NOTES TO CONSOLIDATED FINANCIAL STATEMENTS (UNAUDITED)
(Continued)



Note 12. Related Party Transactions

As of December 31, 2016, members of the Dolan family group, for purposes of Section 13(d) of the Securities Exchange Act of 1934, as amended, including trusts for the benefit of the Dolan family group, collectively beneficially own all of the Company's outstanding Class B Common Stock and own approximately 2.4% of the Company's outstanding Class A Common Stock. Such shares of the Company's Class A Common Stock and Class B Common Stock, collectively, represent approximately 69.6% of the aggregate voting power of the Company's outstanding common stock. Members of the Dolan family are also the controlling stockholders of MSG and AMC Networks Inc. ("AMC Networks").

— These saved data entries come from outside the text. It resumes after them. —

(* Let $n$ be a positive integer. The set $$\Big\{\tbinom{n}{k}\big(a^{\otimes k}\otimes(a^c)^{\otimes(n-k)}\big)^\vee\ :\ k=0,\ldots,n\Big\}$$ is a complete set of primitive orthogonal idempotents in $\mathrm{Sym}^n\mathbb{C}[e_1]$.
   Context: $\mathbb{C}[e_1]=\mathbb{R}[e_1]\otimes_\mathbb{R}\mathbb{C}$ is the commutative $\mathbb{C}$-algebra with basis $1,e_1$ and $e_1^2=-1$. $\mathbb{C}[e_1]^{\otimes n}$ is the $n$-fold tensor power over $\mathbb{C}$ with componentwise multiplication; $\mathfrak S_n$ acts by $\sigma(x_1\otimes\cdots\otimes x_n)=x_{\sigma^{-1}(1)}\otimes\cdots\otimes x_{\sigma^{-1}(n)}$; $x^\vee=\frac1{n!}\sum_{\sigma\in\mathfrak S_n}\sigma(x)$; $\mathrm{Sym}^n\mathbb{C}[e_1]$ is the subalgebra of fixed tensors. $a=\frac12(1+\sqrt{-1}e_1)$, $a^c=\frac12(1-\sqrt{-1}e_1)$. In a unital associative ring: idempotent $x^2=x$; orthogonal means pairwise products zero; a nonzero idempotent is primitive if not a sum of two nonzero orthogonal idempotents; a set of orthogonal idempotents is complete if it sums to $1$. *)

From HB Require Import structures.
From mathcomp Require Import all_boot all_order all_fingroup all_algebra.
Set Implicit Arguments. Unset Strict Implicit. Unset Printing Implicit Defensive.
Import Order.TTheory GRing.Theory Num.Theory.
Local Open Scope ring_scope.

(* Concrete model of C[e1]^{(x) n} over C (any numClosedFieldType, e.g. the
   complex numbers): an element is its coordinate vector in the basis of pure
   tensors e_S := y_1 (x) ... (x) y_n with y_i = e1 if i \in S, y_i = 1 else.
   Componentwise multiplication gives e_S e_T = (-1)^{|S :&: T|} e_{S (+) T}. *)

Section TensorModel.
Variables (C : numClosedFieldType) (n : nat).

Definition tens := {ffun {set 'I_n} -> C}.

(* elements of C[e1]: pair (alpha, beta) stands for alpha + beta e1 *)
Definition ce1 := (C * C)%type.

Definition tmul (x y : tens) : tens :=
  [ffun U => \sum_(S : {set 'I_n})
       x S * y ((S :\: U) :|: (U :\: S)) * (-1) ^+ #|S :&: ((S :\: U) :|: (U :\: S))|].

Definition tone : tens := [ffun U => (U == set0)%:R].

Definition tscale (c : C) (x : tens) : tens := [ffun U => c * x U].

Definition pure (x : 'I_n -> ce1) : tens :=
  [ffun S : {set 'I_n} => \prod_(i < n) (if i \in S then (x i).2 else (x i).1)].

(* sigma (x_1 (x) ... (x) x_n) = x_{sigma^-1 1} (x) ... ; on basis: e_S |-> e_{sigma S} *)
Definition tact (s : 'S_n) (x : tens) : tens := [ffun U : {set 'I_n} => x ((s^-1)%g @: U)].

Definition symz (x : tens) : tens :=
  tscale (n`!%:R)^-1 (\sum_(s : 'S_n) tact s x).

Definition in_Sym (x : tens) : Prop := forall s : 'S_n, tact s x = x.

Definition idem (x : tens) : Prop := tmul x x = x.
Definition orth (x y : tens) : Prop := tmul x y = 0 /\ tmul y x = 0.

Definition primitive_Sym (x : tens) : Prop :=
  in_Sym x /\ x <> 0 /\ idem x /\
  ~ (exists y z : tens, in_Sym y /\ in_Sym z /\ y <> 0 /\ z <> 0 /\
        idem y /\ idem z /\ orth y z /\ x = y + z).

Definition a_el : ce1 := (2^-1, 'i / 2).
Definition ac_el : ce1 := (2^-1, - 'i / 2).

Definition Ek (k : nat) : tens :=
  tscale ('C(n, k))%:R
    (symz (pure (fun i : 'I_n => if (i < k)%N then a_el else ac_el))).

End TensorModel.

(* The characters of C[e1]^{(x)n}: C[e1] = C[X]/(X^2+1) is isomorphic to C x C
   through e1 |-> -i and e1 |-> i, so C[e1]^{(x)n} is isomorphic to C^(2^n), with
   one character chi_T per subset T of the factors (e1 |-> -i on T, i elsewhere).
   The character of the pure tensor a^{(x)k} (x) (a^c)^{(x)(n-k)} is the
   indicator of T = {0, ..., k-1}; symmetrisation averages over the orbit of T,
   and the normalisation binom(n,k) is forced by sum_T chi_T(x) = 2^n x_{empty},
   so that chi_T(E_k) = [|T| = k].  Since the characters separate points, the
   E_k are orthogonal idempotents summing to 1.  A symmetric element has a
   character that only depends on |T|, so a symmetric idempotent below E_k is
   0 or E_k: the E_k are primitive. *)

From HB Require Import structures.
From mathcomp Require Import all_boot all_order all_fingroup all_algebra.
From mathcomp Require Import alt primitive_action ring.
Set Implicit Arguments. Unset Strict Implicit. Unset Printing Implicit Defensive.
Import Order.TTheory GRing.Theory Num.Theory.
Local Open Scope ring_scope.

Lemma card_eq_perm_imset (T : finType) (A B : {set T}) :
  #|A| = #|B| -> exists s : {perm T}, s @: A = B.
Proof.
move=> eqAB.
have trans := ntransitive_weak (max_card (mem A)) (Sym_trans T).
have sizeB : size (enum B) == #|A| by rewrite -cardE eqAB.
have [||s _ sAB] := atransP2 trans (x := enum_tuple A) (y := Tuple sizeB).
- by rewrite inE enum_uniq; apply/subsetP.
- by rewrite inE enum_uniq; apply/subsetP.
exists s; apply/setP => x.
have -> : (x \in B) = (x \in val (Tuple sizeB)) by rewrite /= mem_enum.
rewrite sAB /=.
by apply/imsetP/mapP => -[y]; rewrite ?mem_enum => yA ->; exists y; rewrite ?mem_enum.
Qed.

Section Characters.
Variables (C : numClosedFieldType) (n : nat).
Local Notation tens := (tens C n).
Implicit Types (x y z : tens) (S T U V : {set 'I_n}).

Definition e1_at T i : C := if i \in T then - 'i else 'i.

Definition chi T x : C := \sum_S x S * \prod_(i in S) e1_at T i.

Definition symdiff S U := (S :\: U) :|: (U :\: S).

Lemma symdiffK S : involutive (symdiff S).
Proof. by move=> V; apply/setP => i; rewrite !inE; case: (i \in S); case: (i \in V). Qed.

Lemma e1_at_sqr T i : e1_at T i * e1_at T i = -1.
Proof. by rewrite -expr2 /e1_at; case: ifP; rewrite ?sqrrN sqrCi. Qed.

Lemma prod_e1_at_symdiff T S V :
  (-1) ^+ #|S :&: V| * \prod_(i in symdiff S V) e1_at T i
  = \prod_(i in S) e1_at T i * \prod_(i in V) e1_at T i.
Proof.
rewrite -prodr_const !(big_mkcond (fun i => i \in _)) -!big_split /=.
apply: eq_bigr => i _; rewrite !inE.
by case: (i \in S); case: (i \in V); rewrite /= ?mulr1 ?mul1r ?e1_at_sqr.
Qed.

Lemma chi_tmul T x y : chi T (tmul x y) = chi T x * chi T y.
Proof.
rewrite /chi big_distrl /=.
under eq_bigr => U _ do rewrite ffunE big_distrl.
rewrite exchange_big /=; apply: eq_bigr => S _.
rewrite big_distrr /= (reindex_inj (inv_inj (symdiffK S))) /=.
apply: eq_bigr => V _; rewrite -/(symdiff S _) symdiffK.
by rewrite -mulrA prod_e1_at_symdiff; ring.
Qed.

Lemma prod_eqb_mem S U : \prod_i ((i \in S) == (i \in U))%:R = (S == U)%:R :> C.
Proof.
have [<-|neqSU] := eqVneq; first by rewrite big1 // => i _; rewrite eqxx.
have [i Si] : exists i, (i \in S) != (i \in U).
  apply/existsP; apply: contraR neqSU => /existsPn eqSU.
  by apply/eqP/setP => i; apply/eqP/negPn.
by rewrite (bigD1 i) //= (negbTE Si) mul0r.
Qed.

(* The characters are orthogonal: -e1_at T i is the inverse of e1_at T i. *)
Lemma sum_chi_basis S U :
  \sum_T (\prod_(i in S) e1_at T i) * \prod_(i in U) - e1_at T i
  = (S == U)%:R * 2%:R ^+ n.
Proof.
pose g b i : C := (if i \in S then e1_at (if b then setT else set0) i else 1)
                * (if i \in U then - e1_at (if b then setT else set0) i else 1).
transitivity (\sum_(T : {set 'I_n}) \prod_i (if i \in T then g true i else g false i)).
  apply: eq_bigr => T _; rewrite !(big_mkcond (fun i => i \in _)) -big_split /=.
  by apply: eq_bigr => i _; rewrite /g /e1_at !inE; case: (i \in T).
have -> : 2%:R ^+ n = \prod_(i < n) 2%:R :> C by rewrite prodr_const card_ord.
rewrite -bigA_distr -prod_eqb_mem -big_split /=.
apply: eq_bigr => i _; rewrite /g /e1_at !inE.
case: (i \in S); case: (i \in U); rewrite /= ?mulr1 ?mul1r ?mul0r ?opprK ?subrr //.
- by rewrite mulrN mulNr -expr2 sqrCi opprK.
- by rewrite addrC subrr.
Qed.

Lemma chi_inversion x U :
  \sum_T chi T x * \prod_(i in U) - e1_at T i = 2%:R ^+ n * x U.
Proof.
under eq_bigr => T _ do rewrite /chi big_distrl.
rewrite exchange_big /=.
under eq_bigr => S _.
  under eq_bigr => T _ do rewrite -mulrA.
  by rewrite -mulr_sumr sum_chi_basis; over.
rewrite (bigD1 U) //= eqxx mul1r big1 ?addr0 => [|S /negbTE ->]; last by rewrite !mul0r mulr0.
exact: mulrC.
Qed.

Lemma chi_inj x y : (forall T, chi T x = chi T y) -> x = y.
Proof.
move=> eq_chi; apply/ffunP => U; apply: (@mulfI _ (2%:R ^+ n)).
  by rewrite expf_neq0 // pnatr_eq0.
by rewrite -!chi_inversion; apply: eq_bigr => T _; rewrite eq_chi.
Qed.

Lemma sum_chi x : \sum_T chi T x = 2%:R ^+ n * x set0.
Proof. by rewrite -chi_inversion; apply: eq_bigr => T _; rewrite big_set0 mulr1. Qed.

Lemma chi0 T : chi T 0 = 0.
Proof. by rewrite /chi big1 // => S _; rewrite ffunE mul0r. Qed.

Lemma chiD T x y : chi T (x + y) = chi T x + chi T y.
Proof. by rewrite /chi -big_split; apply: eq_bigr => S _; rewrite ffunE mulrDl. Qed.

Lemma chi_sum T (I : finType) (F : I -> tens) : chi T (\sum_i F i) = \sum_i chi T (F i).
Proof. exact: (big_morph (chi T) (chiD T) (chi0 T)). Qed.

Lemma chi_tscale T c x : chi T (tscale c x) = c * chi T x.
Proof. by rewrite /chi mulr_sumr; apply: eq_bigr => S _; rewrite ffunE mulrA. Qed.

Lemma chi_tone T : chi T (tone C n) = 1.
Proof.
rewrite /chi (bigD1 set0) //= ffunE eqxx mul1r big_set0 big1 ?addr0 //.
by move=> S /negbTE nS; rewrite ffunE nS mul0r.
Qed.

Lemma chi_pure T f : chi T (pure f) = \prod_i ((f i).1 + (f i).2 * e1_at T i).
Proof.
rewrite (eq_bigr _ (fun i _ => addrC _ _)) bigA_distr; apply: eq_bigr => S _.
rewrite ffunE (big_mkcond (fun i => i \in S)) -big_split /=.
by apply: eq_bigr => i _; case: ifP; rewrite ?mulr1.
Qed.

Lemma mem_imset_permV (s : 'S_n) T i : (i \in (s^-1)%g @: T) = (s i \in T).
Proof. by rewrite -{1}(permK s i) mem_imset //; exact: perm_inj. Qed.

Lemma imset_permK (s : 'S_n) T : (s^-1)%g @: (s @: T) = T.
Proof. by apply/setP => i; rewrite mem_imset_permV mem_imset //; exact: perm_inj. Qed.

Lemma chi_tact T (s : 'S_n) x : chi T (tact s x) = chi ((s^-1)%g @: T) x.
Proof.
rewrite /chi (reindex_inj (imset_inj (@perm_inj _ s))) /=.
apply: eq_bigr => V _; rewrite ffunE imset_permK; congr (_ * _).
rewrite (reindex_inj (@perm_inj _ s)) /=; apply: eq_big => [i|i _].
  by rewrite mem_imset //; exact: perm_inj.
by rewrite /e1_at mem_imset_permV.
Qed.

Lemma chi_symz T x : chi T (symz x) = (n`!%:R)^-1 * \sum_(s : 'S_n) chi ((s^-1)%g @: T) x.
Proof. by rewrite /symz chi_tscale chi_sum; under eq_bigr do rewrite chi_tact. Qed.

Lemma tact_symz (s : 'S_n) x : tact s (symz x) = symz x.
Proof.
apply: chi_inj => T; rewrite chi_tact !chi_symz; congr (_ * _).
have imsetM (t : 'S_n) : (t^-1)%g @: ((s^-1)%g @: T) = ((t * s)^-1)%g @: T.
  by apply/setP => i; rewrite !mem_imset_permV permM.
by under eq_bigr do rewrite imsetM; rewrite [RHS](reindex_inj (mulIg s)).
Qed.

Lemma tact_tscale (s : 'S_n) c x : tact s (tscale c x) = tscale c (tact s x).
Proof. by apply/ffunP => U; rewrite !ffunE. Qed.

Lemma symz_set0 x : symz x set0 = x set0.
Proof.
rewrite !ffunE sum_ffunE (eq_bigr (fun _ => x set0)) => [|s _]; last by rewrite ffunE imset0.
rewrite sumr_const card_Sn -(mulr_natl (x set0)) mulrA mulVf ?mul1r //.
by rewrite pnatr_eq0 -lt0n fact_gt0.
Qed.

Lemma chi_sym_card x T T' : in_Sym x -> #|T| = #|T'| -> chi T x = chi T' x.
Proof.
move=> symx /card_eq_perm_imset [s <-].
by rewrite -{1}(symx (s^-1)%g) chi_tact invgK.
Qed.

Lemma sym_chi_eq0 y T0 :
  in_Sym y -> chi T0 y = 0 -> (forall T, #|T| != #|T0| -> chi T y = 0) -> y = 0.
Proof.
move=> symy y0 off; apply: chi_inj => T; rewrite chi0.
by have [/(chi_sym_card symy)->|/off] := eqVneq #|T| #|T0|.
Qed.

Lemma chi_idem T y : idem y -> chi T y = 0 \/ chi T y = 1.
Proof.
move=> idy; have /eqP : chi T y * (chi T y - 1) = 0.
  by rewrite mulrBr mulr1 -chi_tmul idy subrr.
by rewrite mulf_eq0 subr_eq0 => /orP[] /eqP; [left | right].
Qed.

Lemma chi_orth_idem T y z : idem y -> tmul y z = 0 -> chi T y = chi T y * chi T (y + z).
Proof. by move=> idy yz; rewrite chiD mulrDr -!chi_tmul idy yz chi0 addr0. Qed.

Definition ak k (i : 'I_n) : ce1 C := if (i < k)%N then a_el C else ac_el C.

Definition set_ltn k := [set i : 'I_n | (i < k)%N].

Lemma card_set_ltn k : (k <= n)%N -> #|set_ltn k| = k.
Proof.
move=> le_kn; rewrite -sum1_card (eq_bigl (fun i : 'I_n => (i < k)%N)) => [|i]; last first.
  by rewrite inE.
by rewrite -(big_ord_widen _ (fun _ => 1%N) le_kn) sum1_card card_ord.
Qed.

Lemma chi_pure_ak T k : chi T (pure (ak k)) = (set_ltn k == T)%:R.
Proof.
rewrite chi_pure -prod_eqb_mem; apply: eq_bigr => i _; rewrite inE /ak /a_el /ac_el /e1_at.
have ii : 'i * 'i = -1 :> C by rewrite -expr2 sqrCi.
by case: (i < k)%N; case: (i \in T); rewrite /= ?mulrN ?mulNr ?opprK mulrAC ii; field.
Qed.

Lemma chi_symz_ak_eq0 T k : (k <= n)%N -> #|T| != k -> chi T (symz (pure (ak k))) = 0.
Proof.
move=> le_kn neq; rewrite chi_symz big1 ?mulr0 // => s _; rewrite chi_pure_ak.
case: eqP => // eqT; move: neq.
by rewrite -(card_set_ltn le_kn) eqT card_imset ?eqxx //; exact: perm_inj.
Qed.

Lemma Ek_sym k : in_Sym (Ek C n k).
Proof. by move=> s; rewrite /Ek tact_tscale tact_symz. Qed.

(* The value of chi on the level |T| = k is pinned down by sum_chi. *)
Lemma chi_Ek T k : (k <= n)%N -> chi T (Ek C n k) = (#|T| == k)%:R.
Proof.
move=> le_kn; rewrite chi_tscale.
have [cardT|] := eqVneq; last by move/(chi_symz_ak_eq0 le_kn) ->; rewrite mulr0.
set v := chi T _.
have level T' : chi T' (symz (pure (ak k))) = (#|T'| == k)%:R * v.
  have [cardT'|/(chi_symz_ak_eq0 le_kn)->] := eqVneq; last by rewrite mul0r.
  by rewrite mul1r; apply: (chi_sym_card (fun s => tact_symz s _)); rewrite cardT cardT'.
have pure_set0 : pure (ak k) set0 = 2^-1 ^+ n.
  rewrite ffunE (eq_bigr (fun _ => 2^-1)) ?prodr_const ?card_ord // => i _.
  by rewrite in_set0 /ak; case: ifP.
have card_level : (\sum_(T' : {set 'I_n}) (#|T'| == k))%N = 'C(n, k).
  by rewrite -[in RHS](card_ord n) -card_draws -sum1dep_card [RHS]big_mkcond.
have := sum_chi (symz (pure (ak k))).
rewrite symz_set0 pure_set0 -exprMn divff ?pnatr_eq0 // expr1n.
under eq_bigr do rewrite level.
by rewrite -mulr_suml -natr_sum card_level => ->.
Qed.

Lemma Ek_neq0 k : (k <= n)%N -> Ek C n k <> 0.
Proof.
move=> le_kn Ek0; have := chi_Ek (set_ltn k) le_kn.
by rewrite Ek0 chi0 card_set_ltn // eqxx => /esym/eqP; rewrite pnatr_eq0.
Qed.

Lemma Ek_idem k : (k <= n)%N -> idem (Ek C n k).
Proof. by move=> le_kn; apply: chi_inj => T; rewrite chi_tmul chi_Ek // -natrM mulnb andbb. Qed.

Lemma Ek_orth k l : (k <= n)%N -> (l <= n)%N -> k != l -> orth (Ek C n k) (Ek C n l).
Proof.
move=> le_kn le_ln neq_kl.
have disj T : ((#|T| == k) && (#|T| == l)) = false.
  by apply: contraNF neq_kl => /andP[/eqP <- /eqP <-].
by split; apply: chi_inj => T;
  rewrite chi_tmul !chi_Ek // chi0 -natrM mulnb // ?disj // andbC disj.
Qed.

Lemma sum_Ek : \sum_(k < n.+1) Ek C n k = tone C n.
Proof.
apply: chi_inj => T; rewrite chi_sum chi_tone.
under eq_bigr => k _ do rewrite (chi_Ek T (leq_ord k)).
have cardT : (#|T| < n.+1)%N by rewrite ltnS; apply: leq_trans (max_card _) _; rewrite card_ord.
rewrite (bigD1 (Ordinal cardT)) //= eqxx big1 ?addr0 // => k.
by rewrite -val_eqE /= eq_sym => /negbTE ->.
Qed.

Lemma Ek_primitive k : (k <= n)%N -> primitive_Sym (Ek C n k).
Proof.
move=> le_kn; split; [exact: Ek_sym | split; [exact: Ek_neq0 | split; [exact: Ek_idem |]]].
move=> [y [z [sy [sz [y0 [z0 [idy [idz [[yz zy] defE]]]]]]]]].
have below w : in_Sym w -> (forall T, chi T w = chi T w * chi T (Ek C n k)) ->
    chi (set_ltn k) w = 0 -> w = 0.
  move=> sw w_le w_0; apply: (sym_chi_eq0 sw w_0) => T.
  by rewrite card_set_ltn // w_le chi_Ek // => /negbTE ->; rewrite mulr0.
have [y_0|y_1] := chi_idem (set_ltn k) idy.
  by apply/y0/(below _ sy _ y_0) => T; rewrite defE; exact: chi_orth_idem.
apply/z0/(below _ sz) => [T|].
  by rewrite defE addrC; exact: chi_orth_idem.
by apply: (@addrI _ 1); rewrite addr0 -{1}y_1 -chiD -defE chi_Ek // card_set_ltn // eqxx.
Qed.

End Characters.

Theorem lemma3p2 (C : numClosedFieldType) (n : nat) (hn : (0 < n)%N) :
  [/\ (forall k : 'I_n.+1, primitive_Sym (Ek C n k)),
      (forall k l : 'I_n.+1, k != l -> orth (Ek C n k) (Ek C n l))
    & \sum_(k < n.+1) Ek C n k = tone C n].
Proof.
split.
- by move=> k; apply/Ek_primitive/leq_ord.
- by move=> k l neq_kl; apply: Ek_orth; rewrite ?leq_ord.
- exact: sum_Ek.
Qed.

On June 16, 2016, the Company entered into an arrangement with the Dolan Family Office, LLC (“DFO”), MSG and AMC Networks providing for the sharing of certain expenses associated with executive office space which is available to Charles F. Dolan (a director of the Company and MSG and the Executive Chairman and a director of AMC Networks), James L. Dolan (the Executive Chairman and a director of the Company and MSG and a director of AMC Networks), and the DFO, which is controlled by Charles F. Dolan.
Beginning in June 2016, the Company agreed to share certain executive support costs, including office space, executive assistants, security and transportation costs for (i) the Company's Executive Chairman with MSG and (ii) for the Company's Vice Chairman with MSG and AMC Networks.
In connection with the Distribution, the Company entered into various agreements with MSG, including media rights agreements covering Knicks and Rangers games, an advertising sales representation agreement, a trademark license agreement, a tax disaffiliation agreement, a transition services agreement ("TSA") and certain other arrangements. The Company has entered into various agreements with AMC Networks with respect to a number of ongoing commercial relationships.
Related party transactions included in continuing operations
Rights fees
The Company's media rights agreements with the Knicks and the Rangers, effective as of July 1, 2015, provide the Company with exclusive media rights to team games in their local markets. Prior to the Distribution, these rights fees were eliminated in consolidation; however the amounts recorded prior to the Distribution are presented as revenues in the loss from discontinued operations line with the offsetting expense in direct operating expenses within continuing operations in the accompanying consolidated statement of operations. Rights fees included in the accompanying consolidated statements of operations for the three months ended December 31, 2016 and 2015 were $33,037 and $32,800, respectively, and $66,837 and $65,300 for the six months ended December 31, 2016 and 2015, respectively.
Origination, master control and technical services
AMC Networks provides certain origination, master control and technical services to the Company. Amounts charged to the Company for the three months ended December 31, 2016 and 2015 were $1,543 and $1,459, respectively, and $2,991 and $2,876 for the six months ended December 31, 2016 and 2015, respectively.
Commission
The Company entered into an advertising sales representation agreement with MSG, which has a seven year term, pursuant to which MSG has the exclusive right and obligation to sell certain advertising availabilities on our behalf for a commission. All of the Company's advertising sales personnel were transferred to MSG in connection with the Distribution. The amount charged to the Company for the three months ended December 31, 2016 and 2015 was $5,169 and $5,498, respectively, and for the six months ended December 31, 2016 and 2015 was $5,594 and $5,498, respectively.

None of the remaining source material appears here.